- [Provided entries]
(* Let $M,N$ be networks of pTCWS, $q\in[0,1]$ and $\Delta\in\mathcal D(\mathcal N)$. If $M\overset{\hat\tau}{\Longrightarrow}(1-q)\overline N+q\Delta$, then $N\sqsubseteq_q M$.
   Context: The process calculus pTCWS. Processes $P,Q$ and probabilistic choices $C,D$ are $P ::= \mathsf{nil} \mid {!}\langle u\rangle.C \mid \lfloor ?(x).C\rfloor D \mid \tau.C \mid \sigma.C \mid X \mid \mathsf{fix}\,X.P$ and $C ::= \bigoplus_{i\in I} p_i{:}P_i$ ($I$ finite non-empty, $p_i\in(0,1]$, $\sum_i p_i=1$); in $\mathsf{fix}\,X.P$ every occurrence of $X$ is time-guarded. $1{:}P$ is written $P$; ${!}\langle v\rangle$ is ${!}\langle v\rangle.\mathsf{nil}$. Networks: $M::=\mathbf 0\mid M_1\mid M_2\mid n[P]^\nu\mid\bot$, where $n[P]^\nu$ is a node named $n$ running closed process $P$ with neighbour set $\nu$, and $\bot$ is a stuck network; $\mathrm{nds}(M)$ is the set of node names. Structural congruence $\equiv$: least equivalence preserved by $\mid$, making $\mid$ a commutative monoid with unit $\mathbf 0$, with $n[\mathsf{fix}\,X.P]^\nu\equiv n[P\{\mathsf{fix}\,X.P/X\}]^\nu$. Networks are assumed well-formed. $\mathrm{rcv}(P)$ holds iff $n[P]^\nu\equiv n[\lfloor ?(x).C\rfloor D]^\nu$ for some $x,C,D$. Semantics: $\mathcal D(\mathcal N)$ finite-support probability distributions on networks, $|\Delta|$ total mass of a sub-distribution, $\overline M$ Dirac; $[\![n[\bigoplus_i p_i{:}P_i]^\nu]\!]=\sum_ip_i\overline{n[P_i]^\nu}$; $(\Delta\mid\Theta)(M_1\mid M_2)=\Delta(M_1)\Theta(M_2)$. Transitions $M\xrightarrow{\lambda}\Delta$, $\lambda\in\{m!v\triangleright\nu, m?v,\tau,\sigma\}$, form the least relation closed under: (Snd) $m[{!}\langle v\rangle.C]^\nu\xrightarrow{m!v\triangleright\nu}[\![m[C]^\nu]\!]$; (Rcv) if $m\in\nu$: $n[\lfloor ?(x).C\rfloor D]^\nu\xrightarrow{m?v}[\![n[C\{v/x\}]^\nu]\!]$; $\mathbf 0\xrightarrow{m?v}\overline{\mathbf 0}$; (RcvEnb) if $\neg(m\in\nu\wedge\mathrm{rcv}(P))$ and $m\ne n$: $n[P]^\nu\xrightarrow{m?v}\overline{n[P]^\nu}$; (RcvPar) $M\xrightarrow{m?v}\Delta$, $N\xrightarrow{m?v}\Theta$ give $M\mid N\xrightarrow{m?v}\Delta\mid\Theta$; (Bcast) $M\xrightarrow{m!v\triangleright\nu}\Delta$, $N\xrightarrow{m?v}\Theta$ give $M\mid N\xrightarrow{m!v\triangleright(\nu\setminus\mathrm{nds}(N))}\Delta\mid\Theta$ (and symmetrically); (Tau) $m[\tau.C]^\nu\xrightarrow{\tau}[\![m[C]^\nu]\!]$; (TauPar) $M\xrightarrow{\tau}\Delta$ and $N$ not of the form $\bot\mid N'$ give $M\mid N\xrightarrow{\tau}\Delta\mid\overline N$ (and symmetrically); $\mathbf 0\xrightarrow{\sigma}\overline{\mathbf 0}$; $n[\mathsf{nil}]^\nu\xrightarrow{\sigma}\overline{n[\mathsf{nil}]^\nu}$; (Timeout) $n[\lfloor ?(x).C\rfloor D]^\nu\xrightarrow{\sigma}[\![n[D]^\nu]\!]$; (Sleep) $n[\sigma.C]^\nu\xrightarrow{\sigma}[\![n[C]^\nu]\!]$; ($\sigma$-Par) $M\xrightarrow{\sigma}\Delta$, $N\xrightarrow{\sigma}\Theta$ give $M\mid N\xrightarrow{\sigma}\Delta\mid\Theta$; (Rec) $n[P\{\mathsf{fix}\,X.P/X\}]^\nu\xrightarrow{\lambda}\Delta$ gives $n[\mathsf{fix}\,X.P]^\nu\xrightarrow{\lambda}\Delta$; (ShhSnd) $M\xrightarrow{m!v\triangleright\emptyset}\Delta$ gives $M\xrightarrow{\tau}\Delta$; (ObsSnd) $M\xrightarrow{m!v\triangleright\nu}\Delta$ with $\nu\ne\emptyset$ gives $M\xrightarrow{!v\triangleright\nu}\Delta$. $\bot$ has no transitions. $\alpha$ ranges over $!v\triangleright\nu$, $m?v$, $\sigma$, $\tau$. Weak transitions: $M\xrightarrow{\hat\tau}\Delta$ iff $M\xrightarrow{\tau}\Delta$ or $\Delta=\overline M$; for $\alpha\ne\tau$, $\xrightarrow{\hat\alpha}=\xrightarrow{\alpha}$. For $\Delta=\sum_{i\in I}p_i\overline{M_i}$, $\Delta\xrightarrow{\hat\alpha}\Theta$ iff for some non-empty $J\subseteq I$, $M_j\xrightarrow{\hat\alpha}\Theta_j$ ($j\in J$), $M_i$ has no $\hat\alpha$-transition ($i\notin J$), and $\Theta=\sum_{j\in J}p_j\Theta_j$. $\overset{\hat\tau}{\Longrightarrow}$ is the reflexive-transitive closure of $\xrightarrow{\hat\tau}$; $\overset{\hat\alpha}{\Longrightarrow}=\overset{\hat\tau}{\Longrightarrow}\xrightarrow{\hat\alpha}\overset{\hat\tau}{\Longrightarrow}$ for $\alpha\neq\tau$. A pseudoquasimetric is $d:\mathcal N\times\mathcal N\to[0,1]$ with $d(M,M)=0$ and the triangle inequality. $\Omega(\Delta,\Theta)$ is the set of matchings (distributions on pairs with marginals $\Delta,\Theta$); $\mathcal K(d)(\Delta,\Theta)=\min_{\omega\in\Omega(\Delta,\Theta)}\sum\omega(M,N)d(M,N)$. A weak simulation quasimetric is a pseudoquasimetric $d$ such that whenever $d(M,N)<1$ and $M\xrightarrow{\alpha}\Delta$ there is $\Theta$ with $N\overset{\hat\alpha}{\Longrightarrow}\Theta$ and $\mathcal K(d)(\Delta,\Theta+(1-|\Theta|)\overline\bot)\le d(M,N)$. $\mathbf m$ denotes the least weak simulation quasimetric (it exists), and $M\sqsubseteq_pN$ iff $\mathbf m(M,N)\le p$. *)

From Stdlib Require Import Reals List ClassicalEpsilon FunctionalExtensionality.
Import ListNotations.
Open Scope R_scope.

Inductive term : Type :=
| TVal (v : nat)
| TVar (x : nat).

Inductive proc : Type :=
| PNil
| PSnd (u : term) (C : pchoice)
| PRcv (x : nat) (C : pchoice) (D : pchoice)
| PTau (C : pchoice)
| PSleep (C : pchoice)
| PVar (X : nat)
| PFix (X : nat) (P : proc)
with pchoice : Type :=                   (* (+)_{i in I} p_i : P_i, I non-empty *)
| CLast (p : R) (P : proc)
| CCons (p : R) (P : proc) (C : pchoice).

(* neighbour sets are sets of node names *)
Definition nset := nat -> Prop.

Inductive network : Type :=
| NZero
| NPar (M1 M2 : network)
| NNode (n : nat) (P : proc) (nu : nset)
| NBot.

Fixpoint nds (M : network) : list nat :=
  match M with
  | NZero => []
  | NPar M1 M2 => nds M1 ++ nds M2
  | NNode n _ _ => [n]
  | NBot => []
  end.

(** * Substitutions (only closed terms are ever substituted, so no capture) *)

Definition subst_term (v x : nat) (u : term) : term :=
  match u with
  | TVar y => if Nat.eqb y x then TVal v else TVar y
  | TVal w => TVal w
  end.

Fixpoint subst_v (v x : nat) (P : proc) : proc :=
  match P with
  | PNil => PNil
  | PSnd u C => PSnd (subst_term v x u) (subst_vc v x C)
  | PRcv y C D => PRcv y (if Nat.eqb y x then C else subst_vc v x C) (subst_vc v x D)
  | PTau C => PTau (subst_vc v x C)
  | PSleep C => PSleep (subst_vc v x C)
  | PVar X => PVar X
  | PFix X Q => PFix X (subst_v v x Q)
  end
with subst_vc (v x : nat) (C : pchoice) : pchoice :=
  match C with
  | CLast p Q => CLast p (subst_v v x Q)
  | CCons p Q C' => CCons p (subst_v v x Q) (subst_vc v x C')
  end.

- [Directions for this task]
Look above for the line with "(nu : nset)"; retype exactly that line, every line after it up to the line with "match C with", and that line too, nothing else.

- [Result for this exercise]
| NNode (n : nat) (P : proc) (nu : nset)
| NBot.

Fixpoint nds (M : network) : list nat :=
  match M with
  | NZero => []
  | NPar M1 M2 => nds M1 ++ nds M2
  | NNode n _ _ => [n]
  | NBot => []
  end.

(** * Substitutions (only closed terms are ever substituted, so no capture) *)

Definition subst_term (v x : nat) (u : term) : term :=
  match u with
  | TVar y => if Nat.eqb y x then TVal v else TVar y
  | TVal w => TVal w
  end.

Fixpoint subst_v (v x : nat) (P : proc) : proc :=
  match P with
  | PNil => PNil
  | PSnd u C => PSnd (subst_term v x u) (subst_vc v x C)
  | PRcv y C D => PRcv y (if Nat.eqb y x then C else subst_vc v x C) (subst_vc v x D)
  | PTau C => PTau (subst_vc v x C)
  | PSleep C => PSleep (subst_vc v x C)
  | PVar X => PVar X
  | PFix X Q => PFix X (subst_v v x Q)
  end
with subst_vc (v x : nat) (C : pchoice) : pchoice :=
  match C with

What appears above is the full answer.